The only ones I think do need commercial yeast are light fluffy white 'farmhouse' or sandwich breads...but perhaps even in that case, I just haven't found a recipe and/or technique to produce this type of bread using 100% SD - YET!

Anyway, glad your panettone worked out so well once the tasting was underway! That's the bottom line, after all.


LeadDog's picture
LeadDog 2009 December 29

Light fluffy white 'farmhouse' or sandwich breads?  I would guess the dough of the Stollen I made would be a perfect sandwich bread if you just left out all of the fruit and spices.  That was my first thought when I cut it.  Here are the baker's percentages that I would use.

Flour 100% mine was 90% bread flour and 10% whole wheat

Salt 2%

Whole Milk 60%

Unsalted Butter 12%

Sugar I'm not sure I would add it.  0.5%

Preferment 100% hydration 95%

Try it and see how it turns out.

rossnroller 2009 December 29

Normal 0

...which I've had queued up for too long! Gotta give it a go.

Also interested to try your suggestion, LeadDog. Just one thing: how much preferment would you use? You have probably given all the information required, but I'm used to baking from recipes and can't work out from your post what proportion of the final dough should be made up of preferment. Could you explain, pls?

PS: Maybe this pain de mie diversion should be transferred to TeckPoh's thread? Just thinking, if anyone else wants to try your stollen dough as a farmhouse white, they won't find it in a post on panettone or stollen, except by chance...

LeadDog's picture
LeadDog 2009 December 29

 Hey looks like her bread has what I think is needed to make the bread you want.

Ross I thought you knew how to do percentages.  The preferment is 95% of the weight of the flour in the bread.  If you have 1000 grams of flour you will need 950 grams for preferment.  You can plug the numbers into one of my spreadsheets and it will figure out how much you need of what.

Spreadsheet 1  Change whatever is in red to get your formula.

Spreadsheet 2  Change whatever is in blue to get your formula.  Best to open this one in a new window so you can see the whole thing.

If the pain de mie works out post to TP's thread.  If mine works out post a new recipe.

rossnroller 2009 December 29

Actually, I thought I did understand bakers' percentages, but evidently not quite - at least, not as they are expressed syntactically in the case of the preferment!
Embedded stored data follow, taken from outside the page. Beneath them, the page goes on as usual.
Lemma walk0 x : walk e 0 x x.
Proof. by apply/existsP; exists [tuple]; rewrite /= eqxx. Qed.

Lemma walk0E x y : walk e 0 x y -> x = y.
Proof. by case/existsP => p; rewrite tuple0 /= => /eqP. Qed.

Lemma walkS k x y z : e x y -> walk e k y z -> walk e k.+1 x z.
Proof.
move=> exy /existsP[p /andP[pp lp]]; apply/existsP; exists [tuple of y :: p].
by rewrite /= exy pp.
Qed.

Lemma walkSE k x z : walk e k.+1 x z -> exists2 y, e x y & walk e k y z.
Proof.
case/existsP => p; case/tupleP: p => y p /= /andP[/andP[exy pp] lp].
by exists y => //; apply/existsP; exists p; rewrite pp.
Qed.

Lemma walk_cat k l x y z : walk e k x y -> walk e l y z -> walk e (k + l) x z.
Proof.
elim: k x => [|k IH] x; first by move/walk0E ->.
by case/walkSE => w exw wk wl; rewrite addSn; apply: walkS exw (IH _ wk wl).
Qed.

Lemma walk_sym k x y : symmetric e -> walk e k x y -> walk e k y x.
Proof.
move=> e_sym; elim: k x => [|k IH] x; first by move/walk0E ->; apply: walk0.
case/walkSE => w exw /IH wk; rewrite -addn1; apply: walk_cat wk _.
by apply: walkS (walk0 _); rewrite e_sym.
Qed.

Lemma gdist_eq k x y :
  walk e k x y -> (forall l, l < k -> ~~ walk e l x y) -> k < #|T| ->
  gdist e x y = k.
Proof.
move=> wk k_min k_lt; rewrite /gdist.
have -> : #|T| = k + (#|T| - k.+1).+1 by lia.
rewrite iotaD find_cat size_iota.
have -> : has (fun l => walk e l x y) (iota 0 k) = false.
  by apply/hasPn => l; rewrite mem_iota => /andP[_ /k_min].
by rewrite /= add0n wk addn0.
Qed.

End Walks.

Lemma walk_kron (T1 T2 : finType) (e1 : rel T1) (e2 : rel T2) k a b c d :
  walk (kron_graph e1 e2) k (a, c) (b, d) = walk e1 k a b && walk e2 k c d.
Proof.
elim: k a c => [|k IH] a c.
  apply/idP/andP => [/walk0E [-> ->]|[/walk0E -> /walk0E ->]]; last exact: walk0.
  by split; apply: walk0.
apply/idP/andP => [|[/walkSE [a' e1a w1] /walkSE [c' e2c w2]]].
  case/walkSE => -[a' c'] /andP[e1a e2c]; rewrite IH => /andP[w1 w2].
  by split; [apply: walkS e1a w1 | apply: walkS e2c w2].
by apply: (@walkS _ _ _ _ (a', c')); rewrite ?IH ?w1 ?w2 // /kron_graph /= e1a e2c.
Qed.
I understand the concept itself sufficiently to apply it in scaling back Hamelman's recipes, for example, but I didn't realise that when you put the preferment as "Preferment 100% hydration 95%" it means the proportion used in the final dough is 95% of the weight of flour in the bread.

Another gap filled...

Ta for the links to your calculation sheets. I do already have some, but will check yours out.


LeadDog's picture
LeadDog 2009 December 30

 Yea I looked at that line too and it is confusing.  I see so many times formulas that call for a certain percent of preferment but it doesn't tell you what the hydration of it is.  In the case of the above formula this can make a big difference.

The spreadsheets work for me and the way my mind works in making bread.  I know for other people they might not work but for some they do.